Items from a data source
+ + + +

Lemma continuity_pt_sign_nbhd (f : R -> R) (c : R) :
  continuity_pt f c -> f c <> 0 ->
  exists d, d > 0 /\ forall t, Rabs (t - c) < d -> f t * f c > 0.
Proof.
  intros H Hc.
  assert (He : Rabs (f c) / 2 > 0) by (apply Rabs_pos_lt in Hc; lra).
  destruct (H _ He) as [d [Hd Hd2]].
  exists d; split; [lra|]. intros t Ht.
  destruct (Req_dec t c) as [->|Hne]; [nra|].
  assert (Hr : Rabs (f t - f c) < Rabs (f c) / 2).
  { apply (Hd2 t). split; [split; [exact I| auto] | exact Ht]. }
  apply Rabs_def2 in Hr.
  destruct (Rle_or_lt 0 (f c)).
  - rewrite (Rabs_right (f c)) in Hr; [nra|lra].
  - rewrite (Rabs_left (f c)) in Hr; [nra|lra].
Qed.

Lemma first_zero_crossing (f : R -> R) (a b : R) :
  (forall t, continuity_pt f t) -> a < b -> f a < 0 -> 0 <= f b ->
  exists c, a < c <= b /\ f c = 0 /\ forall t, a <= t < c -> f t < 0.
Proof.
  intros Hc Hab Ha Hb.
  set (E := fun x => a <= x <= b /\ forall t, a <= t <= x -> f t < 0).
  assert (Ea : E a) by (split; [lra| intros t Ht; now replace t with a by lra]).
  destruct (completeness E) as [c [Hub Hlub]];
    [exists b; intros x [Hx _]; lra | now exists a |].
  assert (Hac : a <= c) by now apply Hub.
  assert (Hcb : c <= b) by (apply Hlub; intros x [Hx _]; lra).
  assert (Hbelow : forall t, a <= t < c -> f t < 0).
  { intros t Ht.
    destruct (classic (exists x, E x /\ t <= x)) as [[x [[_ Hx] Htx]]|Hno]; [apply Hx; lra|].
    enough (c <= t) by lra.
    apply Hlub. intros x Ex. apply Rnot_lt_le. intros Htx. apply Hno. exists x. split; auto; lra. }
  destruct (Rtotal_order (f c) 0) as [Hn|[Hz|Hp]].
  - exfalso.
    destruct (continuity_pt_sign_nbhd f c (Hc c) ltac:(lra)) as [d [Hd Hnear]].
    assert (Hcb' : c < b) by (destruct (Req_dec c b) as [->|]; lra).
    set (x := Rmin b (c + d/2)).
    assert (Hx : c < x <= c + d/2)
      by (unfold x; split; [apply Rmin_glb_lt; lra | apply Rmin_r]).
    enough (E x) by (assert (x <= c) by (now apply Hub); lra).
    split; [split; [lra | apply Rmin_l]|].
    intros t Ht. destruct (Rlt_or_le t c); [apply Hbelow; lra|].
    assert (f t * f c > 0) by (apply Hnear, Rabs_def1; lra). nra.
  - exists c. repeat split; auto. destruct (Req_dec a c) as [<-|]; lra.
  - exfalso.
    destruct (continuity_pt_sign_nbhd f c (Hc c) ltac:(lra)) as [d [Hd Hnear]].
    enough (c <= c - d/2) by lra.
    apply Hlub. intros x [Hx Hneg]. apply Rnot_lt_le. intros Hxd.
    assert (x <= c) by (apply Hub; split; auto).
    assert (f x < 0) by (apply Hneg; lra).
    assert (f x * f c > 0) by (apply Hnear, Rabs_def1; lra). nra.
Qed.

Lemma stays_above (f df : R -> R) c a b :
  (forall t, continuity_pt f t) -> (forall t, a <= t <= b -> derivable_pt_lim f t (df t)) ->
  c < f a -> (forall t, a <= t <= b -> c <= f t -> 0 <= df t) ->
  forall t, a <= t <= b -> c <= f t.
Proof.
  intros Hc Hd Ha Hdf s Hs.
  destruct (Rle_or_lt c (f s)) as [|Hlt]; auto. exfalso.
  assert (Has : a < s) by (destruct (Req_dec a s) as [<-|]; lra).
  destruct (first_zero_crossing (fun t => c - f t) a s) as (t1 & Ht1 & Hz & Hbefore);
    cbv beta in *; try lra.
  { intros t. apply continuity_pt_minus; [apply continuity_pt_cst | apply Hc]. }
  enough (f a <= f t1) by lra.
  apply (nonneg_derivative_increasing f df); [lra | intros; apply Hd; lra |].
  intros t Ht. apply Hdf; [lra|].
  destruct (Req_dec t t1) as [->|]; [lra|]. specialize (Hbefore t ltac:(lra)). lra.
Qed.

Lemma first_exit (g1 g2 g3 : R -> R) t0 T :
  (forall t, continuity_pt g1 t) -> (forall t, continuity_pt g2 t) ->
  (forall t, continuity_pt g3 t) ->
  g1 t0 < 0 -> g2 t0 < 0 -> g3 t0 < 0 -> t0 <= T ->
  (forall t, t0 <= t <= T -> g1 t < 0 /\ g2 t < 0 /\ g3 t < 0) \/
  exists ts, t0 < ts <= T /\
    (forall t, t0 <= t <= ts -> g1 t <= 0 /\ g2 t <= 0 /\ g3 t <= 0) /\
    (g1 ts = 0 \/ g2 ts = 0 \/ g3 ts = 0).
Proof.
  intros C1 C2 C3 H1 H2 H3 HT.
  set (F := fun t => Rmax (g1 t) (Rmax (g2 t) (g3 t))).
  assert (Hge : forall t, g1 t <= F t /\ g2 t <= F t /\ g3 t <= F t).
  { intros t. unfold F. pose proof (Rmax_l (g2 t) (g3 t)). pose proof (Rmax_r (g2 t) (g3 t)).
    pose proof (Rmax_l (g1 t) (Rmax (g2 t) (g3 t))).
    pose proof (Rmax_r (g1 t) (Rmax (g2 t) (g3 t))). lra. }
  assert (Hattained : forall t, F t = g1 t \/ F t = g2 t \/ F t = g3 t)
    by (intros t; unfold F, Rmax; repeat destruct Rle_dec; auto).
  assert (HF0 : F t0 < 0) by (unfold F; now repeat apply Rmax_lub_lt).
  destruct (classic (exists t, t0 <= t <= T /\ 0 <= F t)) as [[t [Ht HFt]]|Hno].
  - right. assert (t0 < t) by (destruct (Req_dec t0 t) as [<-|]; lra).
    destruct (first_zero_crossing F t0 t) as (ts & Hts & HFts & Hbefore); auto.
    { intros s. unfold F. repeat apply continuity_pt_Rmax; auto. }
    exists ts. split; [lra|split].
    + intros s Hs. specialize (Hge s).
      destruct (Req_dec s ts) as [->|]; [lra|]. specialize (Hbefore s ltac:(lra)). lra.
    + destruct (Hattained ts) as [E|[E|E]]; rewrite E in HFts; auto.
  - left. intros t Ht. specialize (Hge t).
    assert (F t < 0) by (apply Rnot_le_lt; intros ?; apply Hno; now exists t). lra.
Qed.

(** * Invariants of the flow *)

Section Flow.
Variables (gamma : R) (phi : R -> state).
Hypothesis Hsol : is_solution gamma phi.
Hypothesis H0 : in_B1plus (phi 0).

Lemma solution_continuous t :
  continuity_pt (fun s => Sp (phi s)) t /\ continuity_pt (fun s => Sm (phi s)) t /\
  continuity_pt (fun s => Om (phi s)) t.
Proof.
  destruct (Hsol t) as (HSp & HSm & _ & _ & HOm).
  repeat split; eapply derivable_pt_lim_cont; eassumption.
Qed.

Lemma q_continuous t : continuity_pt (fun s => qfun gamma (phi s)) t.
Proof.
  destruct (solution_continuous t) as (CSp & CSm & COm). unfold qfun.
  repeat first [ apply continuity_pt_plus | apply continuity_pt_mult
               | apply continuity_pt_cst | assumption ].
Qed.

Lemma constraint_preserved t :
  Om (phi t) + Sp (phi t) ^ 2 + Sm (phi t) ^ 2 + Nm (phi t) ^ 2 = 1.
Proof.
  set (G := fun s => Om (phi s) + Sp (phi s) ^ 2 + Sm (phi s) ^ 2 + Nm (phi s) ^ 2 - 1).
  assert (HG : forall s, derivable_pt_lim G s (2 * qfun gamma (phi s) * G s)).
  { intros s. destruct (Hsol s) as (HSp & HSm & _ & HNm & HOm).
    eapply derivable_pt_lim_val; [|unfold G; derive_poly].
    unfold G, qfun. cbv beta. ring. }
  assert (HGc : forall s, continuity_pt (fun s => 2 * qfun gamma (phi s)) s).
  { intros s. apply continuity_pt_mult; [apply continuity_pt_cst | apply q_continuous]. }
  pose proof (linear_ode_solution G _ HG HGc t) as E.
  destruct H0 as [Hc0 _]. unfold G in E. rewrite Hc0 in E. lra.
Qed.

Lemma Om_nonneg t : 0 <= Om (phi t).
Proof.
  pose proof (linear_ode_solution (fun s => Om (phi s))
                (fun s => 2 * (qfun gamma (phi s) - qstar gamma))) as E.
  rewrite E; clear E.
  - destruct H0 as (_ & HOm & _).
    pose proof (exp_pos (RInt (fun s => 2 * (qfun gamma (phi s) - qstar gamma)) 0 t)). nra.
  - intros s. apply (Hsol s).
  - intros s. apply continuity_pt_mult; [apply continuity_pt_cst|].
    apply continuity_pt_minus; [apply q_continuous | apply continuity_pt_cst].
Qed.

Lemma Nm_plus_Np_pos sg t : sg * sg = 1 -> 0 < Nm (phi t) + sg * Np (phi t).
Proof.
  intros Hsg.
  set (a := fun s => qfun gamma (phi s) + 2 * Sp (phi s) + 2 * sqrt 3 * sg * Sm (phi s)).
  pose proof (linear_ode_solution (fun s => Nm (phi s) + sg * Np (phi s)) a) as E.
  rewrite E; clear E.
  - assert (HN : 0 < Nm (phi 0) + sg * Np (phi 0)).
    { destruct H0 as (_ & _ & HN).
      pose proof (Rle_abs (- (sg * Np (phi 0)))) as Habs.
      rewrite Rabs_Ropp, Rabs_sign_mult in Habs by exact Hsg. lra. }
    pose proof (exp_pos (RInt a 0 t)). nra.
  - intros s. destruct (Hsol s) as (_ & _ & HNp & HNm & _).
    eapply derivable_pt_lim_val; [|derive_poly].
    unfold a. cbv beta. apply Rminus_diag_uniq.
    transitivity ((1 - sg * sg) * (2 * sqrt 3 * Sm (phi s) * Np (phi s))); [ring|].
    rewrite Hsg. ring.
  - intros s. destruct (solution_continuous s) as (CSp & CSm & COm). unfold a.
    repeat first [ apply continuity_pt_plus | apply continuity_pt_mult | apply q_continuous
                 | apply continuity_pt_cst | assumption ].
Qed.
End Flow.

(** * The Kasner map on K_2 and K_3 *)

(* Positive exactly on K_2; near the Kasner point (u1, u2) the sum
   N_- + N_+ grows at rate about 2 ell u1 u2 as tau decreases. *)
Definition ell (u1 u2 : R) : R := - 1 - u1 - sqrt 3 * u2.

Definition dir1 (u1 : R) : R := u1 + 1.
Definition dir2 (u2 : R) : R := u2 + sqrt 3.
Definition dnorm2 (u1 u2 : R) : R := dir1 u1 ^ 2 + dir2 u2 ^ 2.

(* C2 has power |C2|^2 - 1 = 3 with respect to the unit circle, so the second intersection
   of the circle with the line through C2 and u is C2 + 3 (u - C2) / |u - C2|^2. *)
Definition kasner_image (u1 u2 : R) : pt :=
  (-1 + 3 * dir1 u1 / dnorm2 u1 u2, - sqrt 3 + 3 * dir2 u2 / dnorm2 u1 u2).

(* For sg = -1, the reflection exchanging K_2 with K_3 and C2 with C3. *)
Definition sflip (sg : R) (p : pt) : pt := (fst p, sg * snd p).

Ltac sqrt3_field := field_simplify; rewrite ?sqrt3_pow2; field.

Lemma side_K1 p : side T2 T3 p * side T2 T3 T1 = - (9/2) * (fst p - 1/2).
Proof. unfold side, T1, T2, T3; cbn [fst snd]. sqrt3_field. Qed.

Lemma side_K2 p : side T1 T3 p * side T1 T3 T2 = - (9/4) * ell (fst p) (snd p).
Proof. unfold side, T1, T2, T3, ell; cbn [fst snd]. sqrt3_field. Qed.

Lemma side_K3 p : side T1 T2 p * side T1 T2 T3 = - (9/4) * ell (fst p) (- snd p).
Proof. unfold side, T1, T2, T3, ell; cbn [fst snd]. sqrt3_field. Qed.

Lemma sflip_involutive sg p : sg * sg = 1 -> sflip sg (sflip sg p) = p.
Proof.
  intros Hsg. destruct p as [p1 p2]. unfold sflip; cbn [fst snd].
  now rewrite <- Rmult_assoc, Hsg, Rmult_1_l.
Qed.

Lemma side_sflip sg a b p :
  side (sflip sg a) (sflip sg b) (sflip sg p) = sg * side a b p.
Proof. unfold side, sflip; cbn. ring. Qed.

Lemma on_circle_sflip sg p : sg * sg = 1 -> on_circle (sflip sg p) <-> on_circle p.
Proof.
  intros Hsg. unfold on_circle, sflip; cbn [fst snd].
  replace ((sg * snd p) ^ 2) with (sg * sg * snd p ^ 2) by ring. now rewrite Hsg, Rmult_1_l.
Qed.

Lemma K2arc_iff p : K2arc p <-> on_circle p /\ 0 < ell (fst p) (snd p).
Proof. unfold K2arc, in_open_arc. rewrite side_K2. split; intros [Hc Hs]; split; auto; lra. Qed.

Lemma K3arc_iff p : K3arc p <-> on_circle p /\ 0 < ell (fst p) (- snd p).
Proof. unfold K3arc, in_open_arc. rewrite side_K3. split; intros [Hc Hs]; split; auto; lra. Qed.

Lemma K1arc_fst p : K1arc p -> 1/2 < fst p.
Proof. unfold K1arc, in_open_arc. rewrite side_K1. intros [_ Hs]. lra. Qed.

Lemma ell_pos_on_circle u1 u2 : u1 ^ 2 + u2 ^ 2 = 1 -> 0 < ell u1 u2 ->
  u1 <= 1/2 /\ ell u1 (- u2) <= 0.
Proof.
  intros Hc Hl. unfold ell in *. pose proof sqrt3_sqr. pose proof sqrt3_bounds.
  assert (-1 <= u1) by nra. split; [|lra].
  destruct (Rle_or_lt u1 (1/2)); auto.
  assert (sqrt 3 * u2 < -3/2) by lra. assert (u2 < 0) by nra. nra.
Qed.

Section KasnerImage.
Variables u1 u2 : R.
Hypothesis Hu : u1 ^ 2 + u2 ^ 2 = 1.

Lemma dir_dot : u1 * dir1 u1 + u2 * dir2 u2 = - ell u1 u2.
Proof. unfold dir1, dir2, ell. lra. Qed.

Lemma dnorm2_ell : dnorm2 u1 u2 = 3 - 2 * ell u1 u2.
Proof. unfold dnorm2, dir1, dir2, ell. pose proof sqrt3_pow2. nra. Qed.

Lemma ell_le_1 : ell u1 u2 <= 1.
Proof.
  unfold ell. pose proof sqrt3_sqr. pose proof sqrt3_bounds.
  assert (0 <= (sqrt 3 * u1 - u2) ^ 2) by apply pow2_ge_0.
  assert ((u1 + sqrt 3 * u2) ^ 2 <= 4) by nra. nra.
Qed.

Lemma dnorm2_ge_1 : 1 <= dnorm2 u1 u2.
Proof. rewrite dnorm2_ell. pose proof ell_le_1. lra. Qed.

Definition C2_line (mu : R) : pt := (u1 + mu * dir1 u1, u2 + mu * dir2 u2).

+ + + +

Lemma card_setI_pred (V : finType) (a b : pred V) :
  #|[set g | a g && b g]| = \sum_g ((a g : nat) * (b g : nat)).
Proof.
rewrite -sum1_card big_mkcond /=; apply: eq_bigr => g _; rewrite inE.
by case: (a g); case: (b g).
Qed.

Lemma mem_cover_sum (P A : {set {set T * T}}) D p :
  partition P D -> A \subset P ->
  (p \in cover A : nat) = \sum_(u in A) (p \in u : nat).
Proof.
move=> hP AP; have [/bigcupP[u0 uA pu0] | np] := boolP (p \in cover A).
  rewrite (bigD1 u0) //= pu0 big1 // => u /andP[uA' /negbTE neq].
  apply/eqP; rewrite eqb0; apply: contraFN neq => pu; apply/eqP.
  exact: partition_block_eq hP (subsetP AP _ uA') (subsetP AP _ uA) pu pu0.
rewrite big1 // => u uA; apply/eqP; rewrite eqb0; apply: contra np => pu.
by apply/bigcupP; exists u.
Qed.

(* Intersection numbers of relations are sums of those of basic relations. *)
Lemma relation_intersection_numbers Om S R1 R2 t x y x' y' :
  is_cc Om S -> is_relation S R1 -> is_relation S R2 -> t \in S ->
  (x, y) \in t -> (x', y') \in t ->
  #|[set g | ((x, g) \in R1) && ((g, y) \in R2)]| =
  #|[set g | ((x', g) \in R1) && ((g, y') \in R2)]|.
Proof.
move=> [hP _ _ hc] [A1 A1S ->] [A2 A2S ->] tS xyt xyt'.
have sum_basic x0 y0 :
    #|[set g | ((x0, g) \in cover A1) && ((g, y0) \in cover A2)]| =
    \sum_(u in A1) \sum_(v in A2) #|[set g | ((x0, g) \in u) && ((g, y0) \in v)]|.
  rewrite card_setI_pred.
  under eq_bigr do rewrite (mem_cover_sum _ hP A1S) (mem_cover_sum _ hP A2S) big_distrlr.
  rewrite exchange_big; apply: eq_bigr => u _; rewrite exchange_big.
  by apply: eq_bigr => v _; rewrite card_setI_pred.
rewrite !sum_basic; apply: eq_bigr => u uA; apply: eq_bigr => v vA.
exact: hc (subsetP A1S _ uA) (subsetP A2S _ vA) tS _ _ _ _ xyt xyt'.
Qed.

+ + + +

**EXERCISE:**
Using only the entries above, output the line with "- right. assert", the line with "in HFts; auto.", and all lines between them, exactly as they stand.

**RESULT:**
  - right. assert (t0 < t) by (destruct (Req_dec t0 t) as [<-|]; lra).
    destruct (first_zero_crossing F t0 t) as (ts & Hts & HFts & Hbefore); auto.
    { intros s. unfold F. repeat apply continuity_pt_Rmax; auto. }
    exists ts. split; [lra|split].
    + intros s Hs. specialize (Hge s).
      destruct (Req_dec s ts) as [->|]; [lra|]. specialize (Hbefore s ltac:(lra)). lra.
    + destruct (Hattained ts) as [E|[E|E]]; rewrite E in HFts; auto.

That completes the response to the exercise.